Spraying is effective. Areas that were sprayed, have very less virus cases but not spraying in correct areas caused more West Nile Virus cases <br></br>

In [None]:
fig2 = px.scatter_mapbox(mosquito_areas_wnv, lat = 'Latitude', lon  = 'Longitude', color = 'WnvPresent',
                        size = 'NumMosquitos', color_continuous_scale=px.colors.cyclical.IceFire,
                        hover_data = ['NumMosquitos', 'WnvPresent'],
                       zoom = 9)

fig3 = px.scatter_mapbox(train, lat = 'Latitude', lon  = 'Longitude',
                        size_max=15, zoom = 10, color_discrete_sequence = ['lemonchiffon'])

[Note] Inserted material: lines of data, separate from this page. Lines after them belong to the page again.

(* If $\Delta(\Phi_{23},\Phi_{13},\Phi_{12})$ and $\Delta(\Phi_1,\Phi_2,\Phi_3)$ are reciprocal triangles with interior points $\Phi$ and $\Phi_{123}$ respectively, then $$\frac{(\Phi_1-\Phi_2)(\Phi_3-\Phi_{123})}{(\Phi_2-\Phi_3)(\Phi_{123}-\Phi_1)}=\frac{(\Phi_{23}-\Phi_{13})(\Phi_{12}-\Phi)}{(\Phi_{13}-\Phi_{12})(\Phi-\Phi_{23})},$$ that is, $Q(\Phi_1,\Phi_2,\Phi_3,\Phi_{123})=Q(\Phi_{23},\Phi_{13},\Phi_{12},\Phi)$.
   Context: The plane is identified with $\mathbb{C}$. The cross-ratio of four points is $Q(P_1,P_2,P_3,P_4)=\frac{(P_1-P_2)(P_3-P_4)}{(P_2-P_3)(P_4-P_1)}$. Reciprocal triangles: let $\Delta(\Phi_{23},\Phi_{13},\Phi_{12})$ be a non-degenerate triangle and $\Phi$ an additional point; let $\Delta(\Phi_1,\Phi_2,\Phi_3)$ be a non-degenerate triangle whose edges $(\Phi_1,\Phi_2)$, $(\Phi_2,\Phi_3)$, $(\Phi_3,\Phi_1)$ are parallel to the segments $(\Phi,\Phi_{12})$, $(\Phi,\Phi_{23})$, $(\Phi,\Phi_{13})$ respectively. The two triangles are reciprocal with interior points $\Phi$, $\Phi_{123}$ if the point $\Phi_{123}$ is such that the segments $(\Phi_1,\Phi_{123})$, $(\Phi_2,\Phi_{123})$, $(\Phi_3,\Phi_{123})$ are parallel to the edges $(\Phi_{13},\Phi_{12})$, $(\Phi_{12},\Phi_{23})$, $(\Phi_{23},\Phi_{13})$ respectively. *)

(* the plane is identified with R[i] = complex R, R a real closed field. *)
From HB Require Import structures.
From mathcomp Require Import all_boot all_order all_algebra.
From mathcomp Require Import complex.
Set Implicit Arguments. Unset Strict Implicit. Unset Printing Implicit Defensive.
Import Order.TTheory GRing.Theory Num.Theory.
Local Open Scope ring_scope.
Local Open Scope complex_scope.

Definition cross_ratio (R : rcfType) (P1 P2 P3 P4 : R[i]) : R[i] :=
  ((P1 - P2) * (P3 - P4)) / ((P2 - P3) * (P4 - P1)).

(* the segment (A,B) is parallel to the segment (C,D): both are genuine
   (non-degenerate) segments and B - A is a real multiple of D - C. *)
Definition parallel (R : rcfType) (A B C D : R[i]) : Prop :=
  B - A != 0 /\ D - C != 0 /\ complex.Im ((B - A) * (D - C)^*) = 0.

Definition nondegenerate (R : rcfType) (A B C : R[i]) : Prop :=
  complex.Im ((B - A) * (C - A)^*) != 0.

Definition reciprocal (R : rcfType) (P23 P13 P12 P P1 P2 P3 P123 : R[i]) : Prop :=
  nondegenerate P23 P13 P12 /\ nondegenerate P1 P2 P3 /\
  parallel P1 P2 P P12 /\ parallel P2 P3 P P23 /\ parallel P3 P1 P P13 /\
  parallel P1 P123 P13 P12 /\ parallel P2 P123 P12 P23 /\
  parallel P3 P123 P23 P13.

(* Let [t1, t2, s1, s2, s3] be the real factors given by the parallelisms:
   [P2 - P1 = t1 (P12 - P)], [P3 - P2 = t2 (P23 - P)], [P123 - P1 = s1 (P12 - P13)],
   [P123 - P2 = s2 (P23 - P12)] and [P123 - P3 = s3 (P13 - P23)].  The closed
   triangles [P1 P2 P123] and [P2 P3 P123] give two real linear relations between
   edges of [P, P12, P13, P23], both involving the edge [P12 P23]; taking the cross
   product with that edge eliminates it and leaves [s3 t1 = s1 t2].  Substituting
   the scaled edges into [Q(P1, P2, P3, P123)] gives [Q(P23, P13, P12, P)] times
   [t1 s3 / (t2 s1) = 1]. *)
From HB Require Import structures.
From mathcomp Require Import all_boot all_order all_algebra.
From mathcomp Require Import complex ring.
Set Implicit Arguments. Unset Strict Implicit. Unset Printing Implicit Defensive.
Import GRing.Theory Num.Theory.
Local Open Scope ring_scope.
Local Open Scope complex_scope.

Section PlaneCross.

Variable R : rcfType.
Implicit Types (u v w : R[i]) (x : R).

Definition cross u v : R := complex.Im (u * v^*).

Lemma crossDl u v w : cross (u + v) w = cross u w + cross v w.
Proof. by case: u v w => [a b] [c d] [e f]; rewrite /cross; simpc => /=; ring. Qed.

Lemma crossBl u v w : cross (u - v) w = cross u w - cross v w.
Proof. by case: u v w => [a b] [c d] [e f]; rewrite /cross; simpc => /=; ring. Qed.

Lemma crossNl u w : cross (- u) w = - cross u w.
Proof. by case: u w => [a b] [e f]; rewrite /cross; simpc => /=; ring. Qed.

Lemma crossZl x u w : cross (x%:C * u) w = x * cross u w.
Proof. by case: u w => [a b] [e f]; rewrite /cross; simpc => /=; ring. Qed.

Lemma crossxx u : cross u u = 0.
Proof. by case: u => [a b]; rewrite /cross; simpc => /=; ring. Qed.

End PlaneCross.

Lemma parallelP (R : rcfType) (A B C D : R[i]) :
  parallel A B C D -> exists2 t : R, t != 0 & B - A = t%:C * (D - C).
Proof.
rewrite /parallel; set u := B - A; set v := D - C; move=> [u_neq0 [v_neq0 /eqP Im_uv]].
have real_of_Im0 (z : R[i]) : complex.Im z = 0 -> (complex.Re z)%:C = z.
  by move=> Im0; rewrite {2}(complexE z) Im0 raddf0 mulr0 addr0.
have uv_real := real_of_Im0 _ (eqP Im_uv).
have vv_real := real_of_Im0 _ (ger0_Im (mulcJ_ge0 v)).
have vJ_neq0 : v^* != 0 by rewrite conjc_eq0.
have Re_neq0 (z : R[i]) : z != 0 -> (complex.Re z)%:C = z -> complex.Re z != 0.
  by move=> z_neq0 zE; apply: contraNneq z_neq0 => Re0; rewrite -zE Re0.
exists (complex.Re (u * v^*) / complex.Re (v * v^*)).
  by rewrite mulf_neq0 ?invr_eq0 ?Re_neq0 ?mulf_neq0.
rewrite rmorphM fmorphV /= uv_real vv_real; field; exact/andP.
Qed.

Lemma reciprocal_scale_balance (R : rcfType) (P23 P13 P12 P P1 P2 P3 P123 : R[i])
    (t1 t2 s1 s2 s3 : R) :
  cross (P13 - P23) (P12 - P23) != 0 -> s1 != 0 ->
  P2 - P1 = t1%:C * (P12 - P) -> P3 - P2 = t2%:C * (P23 - P) ->
  P123 - P1 = s1%:C * (P12 - P13) -> P123 - P2 = s2%:C * (P23 - P12) ->
  P123 - P3 = s3%:C * (P13 - P23) ->
  s3 * t1 = s1 * t2.
Proof.
move=> nd s1_neq0 e1 e2 f1 f2 f3.
set w := P12 - P23; set d := P13 - P23.
set X := cross (P12 - P) w; set Y := cross d w.
have Y_neq0 : Y != 0 by [].
have rel1 : t1%:C * (P12 - P) = s1%:C * (w - d) + s2%:C * w.
  have -> : s1%:C * (w - d) + s2%:C * w = (P123 - P1) - (P123 - P2).
    by rewrite f1 f2 /w /d; ring.
  by rewrite -e1; ring.
have rel2 : t2%:C * ((P12 - P) - w) = - (s3%:C * d) - s2%:C * w.
  have -> : - (s3%:C * d) - s2%:C * w = (P123 - P2) - (P123 - P3).
    by rewrite f2 f3 /w /d; ring.
  have -> : (P12 - P) - w = P23 - P by rewrite /w; ring.
  by rewrite -e2; ring.
have tX1 : t1 * X = - (s1 * Y).
  move/(congr1 (fun z => cross z w)): rel1.
  by rewrite /= crossDl !crossZl -/X crossBl crossxx -/Y => ->; ring.
have tX2 : t2 * X = - (s3 * Y).
  move/(congr1 (fun z => cross z w)): rel2.
  by rewrite /= crossZl crossBl crossxx subr0 -/X crossBl crossNl !crossZl crossxx -/Y => ->; ring.
have X_neq0 : X != 0.
  by apply: contraNneq (mulf_neq0 s1_neq0 Y_neq0) => X0; rewrite -oppr_eq0 -tX1 X0 mulr0.
apply: (mulIf X_neq0); rewrite -!mulrA tX1 tX2; ring.
Qed.

Theorem corollary1 (R : rcfType) (P23 P13 P12 P P1 P2 P3 P123 : R[i]) :
  reciprocal P23 P13 P12 P P1 P2 P3 P123 ->
  cross_ratio P1 P2 P3 P123 = cross_ratio P23 P13 P12 P.
Proof.
move=> [nd [_ [h12 [h23 [_ [g1 [g2 g3]]]]]]].
have [_ [P23P_neq0 _]] := h23.
have [_ [P12P13_neq0 _]] := g1.
have [t1 _ e1] := parallelP h12; have [t2 t2_neq0 e2] := parallelP h23.
have [s1 s1_neq0 f1] := parallelP g1; have [s2 _ f2] := parallelP g2.
have [s3 s3_neq0 f3] := parallelP g3.
have balance := reciprocal_scale_balance nd s1_neq0 e1 e2 f1 f2 f3.
rewrite /cross_ratio -[P1 - P2]opprB -[P2 - P3]opprB -[P3 - P123]opprB e1 e2 f1 f3.
have -> : t1 = s1 * t2 / s3 by rewrite -balance mulrC mulKf.
rewrite !rmorphM fmorphV /=; field.
by rewrite !fmorph_eq0 -[P - P23]opprB -[P13 - P12]opprB !oppr_eq0 s1_neq0 s3_neq0
  t2_neq0 P23P_neq0 P12P13_neq0.
Qed.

#below is one way to plot multiple graphs on the same plot. 
#print figure object as is to see the elements inside
fig2.add_trace(fig3.data[0]) 

fig2.update_layout(mapbox_style='dark')

fig2.update_layout( title = 'Traps - West Nile Virus and Mosquito clusters',
                width=500,
    height=700,)


But traps were setup, in all places with West Nile Virus. 
Especially in the big clusters.
Cant say conclusively if Traps are helping.

# Analyzing species

In [None]:
species_vs_virus = train[['Species', 'WnvPresent']].groupby('Species', as_index = False).sum()

In [None]:
species_vs_virus

In [None]:
fig = px.bar(species_vs_virus, x = 'Species', y = 'WnvPresent')
fig.update_layout(
    title="West Nile Virus count vs Species",
    xaxis_title="Species",
    yaxis_title="West Nile Virus Present",)
fig.show()


CULEX PIPIENS cause most west nile virus

# Analyzing impact of weather on mosquitos and disease

In [None]:
weather.head()

In [None]:
weather['Tavg'].unique()

In [None]:
weather[weather['Tavg']=='M']
# Only 11 rows, so drop these for now.

In [None]:
weather.drop(weather[weather['Tavg']=='M'].index, axis = 0, inplace = True)

In [None]:
weather.reset_index(drop = True)

In [None]:
weather.columns

In [None]:
weather['Tavg'] = weather['Tavg'].astype(int) 

In [None]:
weather_imp = weather.groupby(['Date'], as_index = False)[['Tavg']].mean()

In [None]:
weather_imp

In [None]:
mosquitos_date_wise = train.groupby(['Date'], as_index = False)[['NumMosquitos']].sum()
wnv_date_wise = train.groupby(['Date'], as_index = False)[['WnvPresent']].sum()

In [None]:
wnv_mosquitos_dw = pd.merge(mosquitos_date_wise,wnv_date_wise, on = 'Date')
weather_df = pd.merge(wnv_mosquitos_dw, weather_imp)

In [None]:
weather_df

In [None]:
fig = px.scatter(weather_df, x="Tavg", y="NumMosquitos",
                 size='WnvPresent')

fig.update_layout(
    title="Mosquitos vs Average temperature",
    xaxis_title="Average Temperature in Fahrenheit",
    yaxis_title="Number of Mosquitos",)
fig.show()

Mosquitos and West Nile Virus are less prevalent on colder days. Looks like higher temperature suits them. Similar analysis can be done on heat, precipitation etc.

**Conclusions:** <br></br>
Spraying needs to be done effectively. Not spraying in correct areas caused more West Nile Virus cases <br></br>
The disease and mosquitos thrive on Hotter days<br></br>
CULEX PIPIENS/RESTUANS Species of mosquito is the cause for most cases.